Yes. Chantal Villemure in my group has been very interested in yoga. In a previous study, we took normal people who had been practicing yoga for at least six years on a regular basis and compared them to healthy people matched on age, sex, education, other exercise—as many variables we could think of that were important—and we saw dramatic changes. We found from brain anatomy studies that the people practicing yoga had more grey matter in a number of regions; as we get older, we lose grey matter, but we didn’t see that decrease in the yoga practitioners, which suggests that yoga may have a neuroprotective effect. When we looked at pain perception, there was a significant increase in pain tolerance in the yoga practitioners, and there was a change in pain thresholds, too. Using brain anatomy and diffusion tensor imaging to look at the integrity of white matter tracts, we also found that increased size and connectivity within the insular cortex was the most important factor accounting for these changes in pain tolerance.

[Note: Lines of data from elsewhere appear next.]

(* Let $d_1,\dots,d_m$ be positive integers with $\sum_{j=1}^m d_j=n$ and let $B=\sum_{j=1}^m d_j\log_2(n/d_j)$. Fix $i$ and let $d_i'=d_i+1$, $d_j'=d_j$ for $j\ne i$, $n'=n+1$, and $B'=\sum_{j=1}^m d_j'\log_2(n'/d_j')$. Then there is an absolute constant $c>0$ (independent of $n,m,d_1,\dots,d_m,i$) such that $$(B'+n')-(B+n)\ \ge\ c\cdot\log(n/d_i).$$
   Context: $\log_2$ denotes the binary logarithm and $\log(x):=\max(\log_2 x,1)$. This models inserting one element into gap $\Delta_i$ of a partition of $n$ elements into gaps of sizes $d_j=|\Delta_j|$. *)

From Stdlib Require Import Reals Lra Lia Arith List.
Open Scope R_scope.

Definition sumR (m : nat) (f : nat -> R) : R :=
  fold_right Rplus 0 (map f (seq 0 m)).

Definition sumN (m : nat) (f : nat -> nat) : nat :=
  fold_right Nat.add 0%nat (map f (seq 0 m)).

Definition log2 (x : R) : R := ln x / ln 2.

(* log(x) := max(log2 x, 1) *)
Definition logp (x : R) : R := Rmax (log2 x) 1.

Definition Bsum (m : nat) (d : nat -> nat) : R :=
  sumR m (fun j => INR (d j) * log2 (INR (sumN m d) / INR (d j))).

Definition incr_at (d : nat -> nat) (i : nat) : nat -> nat :=
  fun j => if Nat.eqb j i then S (d j) else d j.

From Stdlib Require Import Reals Lra Lia Arith List.
Open Scope R_scope.

(* Write F(x) = x ln x, N = n = sum_j d_j and D = d_i.  Since
   B ln 2 = N ln N - sum_j d_j ln d_j = F(N) - sum_j F(d_j), inserting one
   element into gap i changes (B + n) ln 2 by
      [F(N+1) - F(N)] - [F(D+1) - F(D)] + ln 2.
   The elementary bound ln y <= y - 1 gives
      F(N+1) - F(N) >= ln(N+1) + 1/2   and   F(D+1) - F(D) <= ln(D+1) + 1,
   so the gain is at least ln((N+1)/(D+1)) + ln 2 - 1/2, which is both
   >= ln 2 - 1/2 and >= ln(N/D) - 1/2 because (N+1)/(D+1) >= N/(2D).
   Comparing with max(log2(N/D), 1) yields the constant c = (ln 2 - 1/2)/ln 2.
   The file first develops finite sums over lists (linearity, effect of
   incr_at), then the closed form of B, then the two one-step bounds for F,
   and finally combines them. *)

Definition lsum (l : list nat) (f : nat -> R) : R :=
  fold_right Rplus 0 (map f l).

Lemma lsum_ext (l : list nat) (f g : nat -> R) :
  (forall j, In j l -> f j = g j) -> lsum l f = lsum l g.
Proof.
  induction l as [|a l IH]; intros Hfg; unfold lsum in *; simpl; auto.
  rewrite Hfg, IH by auto with datatypes. reflexivity.
Qed.

Lemma lsum_lincomb (l : list nat) (a b : R) (f g : nat -> R) :
  lsum l (fun j => a * f j + b * g j) = a * lsum l f + b * lsum l g.
Proof.
  induction l as [|x l IH]; unfold lsum in *; simpl; [ring|].
  rewrite IH. ring.
Qed.

Lemma INR_sumN_list (l : list nat) (d : nat -> nat) :
  INR (fold_right Nat.add 0%nat (map d l)) = lsum l (fun j => INR (d j)).
Proof.
  induction l as [|x l IH]; unfold lsum in *; simpl; auto.
  rewrite plus_INR, IH. reflexivity.
Qed.

Lemma lsum_incr_at (l : list nat) (d : nat -> nat) (i : nat) (G : nat -> R) :
  NoDup l -> In i l ->
  lsum l (fun j => G (incr_at d i j)) = lsum l (fun j => G (d j)) + G (S (d i)) - G (d i).
Proof.
  induction l as [|a l IH]; intros Hnd Hin; [destruct Hin|].
  inversion Hnd as [|? ? Ha Hl]; subst. unfold lsum in *; simpl.
  unfold incr_at at 1. destruct (Nat.eqb_spec a i) as [->|Hai].
  - assert (Hrest : lsum l (fun j => G (incr_at d i j)) = lsum l (fun j => G (d j))).
    { apply lsum_ext. intros j Hj. unfold incr_at.
      destruct (Nat.eqb_spec j i); [subst; contradiction | reflexivity]. }
    unfold lsum in Hrest. rewrite Hrest. ring.
  - destruct Hin as [->|Hin]; [contradiction|].
    rewrite IH by assumption. ring.
Qed.

Lemma sumN_incr_at (m : nat) (d : nat -> nat) (i : nat) :
  (i < m)%nat -> sumN m (incr_at d i) = S (sumN m d).
Proof.
  intros Hi. apply INR_eq. unfold sumN.
  rewrite S_INR, !INR_sumN_list, (lsum_incr_at _ d i INR), S_INR by
    (apply seq_NoDup || (apply in_seq; lia)).
  ring.
Qed.

Lemma le_sumN (m : nat) (d : nat -> nat) (i : nat) :
  (i < m)%nat -> (d i <= sumN m d)%nat.
Proof.
  unfold sumN. intros Hi. assert (Hin : In i (seq 0 m)) by (apply in_seq; lia).
  clear Hi. induction (seq 0 m) as [|a l IH]; simpl in *; [contradiction|].
  destruct Hin as [->|Hin]; [lia | specialize (IH Hin); lia].
Qed.

(* The function x ln x, whose increments govern the change of B. *)
Definition xlnx (x : R) : R := x * ln x.

Lemma Bsum_ln2 (m : nat) (d : nat -> nat) :
  (forall j, (j < m)%nat -> (0 < d j)%nat) -> (0 < sumN m d)%nat ->
  Bsum m d * ln 2 =
  xlnx (INR (sumN m d)) - lsum (seq 0 m) (fun j => xlnx (INR (d j))).
Proof.
  intros Hd Hn. set (N := INR (sumN m d)).
  assert (HN : 0 < N) by (apply lt_0_INR; assumption).
  assert (Hl2 : ln 2 <> 0) by (pose proof ln_lt_2; lra).
  unfold Bsum, sumR.
  change (fold_right Rplus 0 (map ?f (seq 0 m))) with (lsum (seq 0 m) f).
  rewrite (lsum_ext _ _
    (fun j => (ln N / ln 2) * INR (d j) + (- / ln 2) * xlnx (INR (d j)))).
  2: { intros j Hj. apply in_seq in Hj. fold N.
       assert (Hdj : 0 < INR (d j)) by (apply lt_0_INR, Hd; lia).
       unfold log2, xlnx, Rdiv.
       rewrite ln_mult, ln_Rinv by (try apply Rinv_0_lt_compat; lra).
       field; assumption. }
  rewrite (lsum_lincomb _ _ _ (fun j => INR (d j)) (fun j => xlnx (INR (d j)))).
  assert (HNsum : lsum (seq 0 m) (fun j => INR (d j)) = N)
    by (unfold N, sumN; symmetry; apply INR_sumN_list).
  rewrite HNsum. unfold xlnx. field. assumption.
Qed.

Lemma ln_le_mono (x y : R) : 0 < x -> x <= y -> ln x <= ln y.
Proof.
  intros Hx [Hlt|Heq]; [left; apply ln_increasing; lra | subst; lra].
Qed.

Lemma ln_le_sub1 (y : R) : 0 < y -> ln y <= y - 1.
Proof.
  intros Hy. pose proof (exp_ineq1_le (ln y)) as H. rewrite exp_ln in H; lra.
Qed.

Lemma ln_succ_bounds (x : R) : 0 < x -> / (x + 1) <= ln (x + 1) - ln x <= / x.
Proof.
  intros Hx. split.
  - pose proof (ln_le_sub1 (x / (x + 1)) ltac:(apply Rdiv_lt_0_compat; lra)) as H.
    unfold Rdiv in H. rewrite ln_mult, ln_Rinv in H by (try apply Rinv_0_lt_compat; lra).
    replace (x * / (x + 1) - 1) with (- / (x + 1)) in H by (field; lra). lra.
  - pose proof (ln_le_sub1 ((x + 1) / x) ltac:(apply Rdiv_lt_0_compat; lra)) as H.
    unfold Rdiv in H. rewrite ln_mult, ln_Rinv in H by (try apply Rinv_0_lt_compat; lra).
    replace ((x + 1) * / x - 1) with (/ x) in H by (field; lra). lra.
Qed.

Lemma xlnx_step_lower (N : R) : 1 <= N -> xlnx (N + 1) - xlnx N >= ln (N + 1) + / 2.
Proof.
  intros HN. destruct (ln_succ_bounds N ltac:(lra)) as [Hlo _].
  assert (Hhalf : / 2 <= N * / (N + 1)).
  { apply (Rmult_le_reg_r (N + 1)); [lra|].
    rewrite Rmult_assoc, Rinv_l by lra. lra. }
  assert (Hmul : N * / (N + 1) <= N * (ln (N + 1) - ln N))
    by (apply Rmult_le_compat_l; lra).
  unfold xlnx. lra.
Qed.

Lemma xlnx_step_upper (D : R) : 1 <= D -> xlnx (D + 1) - xlnx D <= ln (D + 1) + 1.
Proof.
  intros HD. destruct (ln_succ_bounds D ltac:(lra)) as [_ Hhi].
  assert (Hmul : D * (ln (D + 1) - ln D) <= D * / D) by (apply Rmult_le_compat_l; lra).
  rewrite Rinv_r in Hmul by lra.
  unfold xlnx. lra.
Qed.

Lemma insertion_gain (N D : R) : 1 <= D -> D <= N ->
  (xlnx (N + 1) - xlnx N) - (xlnx (D + 1) - xlnx D) + ln 2
  >= Rmax (ln N - ln D - ln 2) 0 + (ln 2 - / 2).
Proof.
  intros HD HDN.
  pose proof (xlnx_step_lower N ltac:(lra)) as Hup.
  pose proof (xlnx_step_upper D HD) as Hdown.
  (* (N+1)/(D+1) >= 1 and (N+1)/(D+1) >= N/(2D) *)
  assert (Hge1 : ln (D + 1) <= ln (N + 1)) by (apply ln_le_mono; lra).
  assert (Hge_half : ln N + ln (D + 1) <= ln 2 + ln D + ln (N + 1)).
  { rewrite <- !ln_mult by lra. apply ln_le_mono; nra. }
  unfold Rmax. destruct Rle_dec; lra.
Qed.

(* With L = ln(N/D) and t = ln 2, the gain bound dominates c * max(L/t, 1) * t. *)
Lemma gain_dominates_logp (L t : R) : / 2 < t ->
  Rmax (L - t) 0 + (t - / 2) >= (t - / 2) / t * Rmax (L / t) 1 * t.
Proof.
  intros Ht.
  replace ((t - / 2) / t * Rmax (L / t) 1 * t) with ((t - / 2) * Rmax (L / t) 1)
    by (field; lra).
  unfold Rmax. destruct (Rle_dec (L / t) 1) as [Hs|Hb]; destruct Rle_dec.
  - nra.
  - nra.
  - apply Rnot_le_lt in Hb.
    assert (Ht_lt_L : t < L).
    { apply (Rmult_lt_compat_r t) in Hb; [|lra].
      unfold Rdiv in Hb. rewrite Rmult_assoc, Rinv_l in Hb by lra. lra. }
    lra.
  - apply Rnot_le_lt in Hb.
    assert (HL : L = L / t * t) by (field; lra). nra.
Qed.

Theorem lemma5p1 :
  exists c : R, 0 < c /\
    forall (m : nat) (d : nat -> nat) (i : nat),
      (i < m)%nat ->
      (forall j, (j < m)%nat -> (0 < d j)%nat) ->
      (Bsum m (incr_at d i) + INR (sumN m (incr_at d i)))
        - (Bsum m d + INR (sumN m d))
      >= c * logp (INR (sumN m d) / INR (d i)).
Proof.
  pose proof ln_lt_2 as Hl2.
  exists ((ln 2 - / 2) / ln 2). split; [apply Rdiv_lt_0_compat; lra|].
  intros m d i Hi Hd.
  assert (Hdi : (d i <= sumN m d)%nat) by (apply le_sumN; assumption).
  assert (Hd' : forall j, (j < m)%nat -> (0 < incr_at d i j)%nat).
  { intros j Hj. unfold incr_at. destruct (Nat.eqb j i); specialize (Hd j Hj); lia. }
  pose proof (Hd i Hi) as Hdi0.
  pose proof (Bsum_ln2 m d Hd ltac:(lia)) as Hold.
  pose proof (Bsum_ln2 m (incr_at d i) Hd' ltac:(rewrite sumN_incr_at; lia)) as Hnew.
  rewrite sumN_incr_at in * by assumption.
  rewrite (lsum_incr_at _ d i (fun x => xlnx (INR x))) in Hnew
    by (apply seq_NoDup || (apply in_seq; lia)).
  rewrite !S_INR in *.
  set (N := INR (sumN m d)) in *. set (D := INR (d i)) in *.
  assert (HD : 1 <= D) by (apply (le_INR 1); lia).
  assert (HDN : D <= N) by (apply le_INR; lia).
  assert (HlnND : ln (N / D) = ln N - ln D).
  { unfold Rdiv. rewrite ln_mult, ln_Rinv by (try apply Rinv_0_lt_compat; lra). ring. }
  pose proof (insertion_gain N D HD HDN) as Hgain.
  pose proof (gain_dominates_logp (ln N - ln D) (ln 2) Hl2) as Hdom.
  unfold logp, log2. rewrite HlnND.
  apply Rle_ge, (Rmult_le_reg_r (ln 2)); [lra|].
  replace (((Bsum m (incr_at d i) + (N + 1)) - (Bsum m d + N)) * ln 2)
    with ((xlnx (N + 1) - xlnx N) - (xlnx (D + 1) - xlnx D) + ln 2)
    by (rewrite !Rmult_minus_distr_r, !Rmult_plus_distr_r, Hold, Hnew; ring).
  lra.
Qed.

Chantal believes that a lot of these effects may be related to autonomic factors and stress reduction, and she is doing more detailed studies looking at cortisol and autonomic measures. She is also comparing yoga practitioners to healthy people in terms of their relationship with the expectation of pain. We have data suggesting that most people, when they are expecting pain, which is a stressful situation, show increased autonomic sympathetic activity, whereas in yoga practitioners we see the opposite effect—they can slow their heart rate and relax, and so they have a different relationship with the expectation of pain.
Does the case still need to be made that there is a convincing physiological basis underlying the effects of alternative and complementary treatments on pain in order to legitimize those treatments? Or does the pain field recognize the value of non-pharmacological approaches?
I think the tide is turning. If you look at chronic pain, all of our pharmacological treatments are very marginal; drugs have been approved and have been shown to be more effective than placebo, but the numbers of patients needed to treat in order for one to benefit are very high. People are starting to realize, more and more, that the effects of non-pharmacological interventions such as exercise, reducing anxiety, and changing one’s emotional state and attentional focus have effects on the brain that are just as powerful as clinical doses of opiates or other pharmacological treatments. I think this is becoming more mainstream, and people are starting to believe in it, but really understanding the underlying mechanisms is important for people to fully accept it.
What are some other directions your research is taking?
We are doing more extensive testing of the consequences of chronic pain, including anxiety, depression, and cognitive effects. This is really important because pain is not only about reflex hypersensitivity to being touched; it’s really the emotional, psychological, and cognitive burden of pain that’s hard on people. This is one direction we are going in and that is critical for our field in general.
In our human studies, we are also addressing the mechanisms of placebo analgesia. Do chronic pain patients have the same placebo effects as healthy people, and if so, are the mechanisms different—for instance, are they shifted from opioid-induced mechanisms to non-opioid mechanisms? There have been many mechanistic studies in healthy people, but what we are finding when we look at pain-related brain changes in chronic pain patients is that there are anatomical and functional alterations in the same parts of the brain that are involved in placebo analgesia.
Whether non-pharmacological modulation of pain is due to a placebo effect or whether it depends on sex, emotion, attention, and expectation, and whether these are altered in chronic pain patients, are all important questions we are working on now.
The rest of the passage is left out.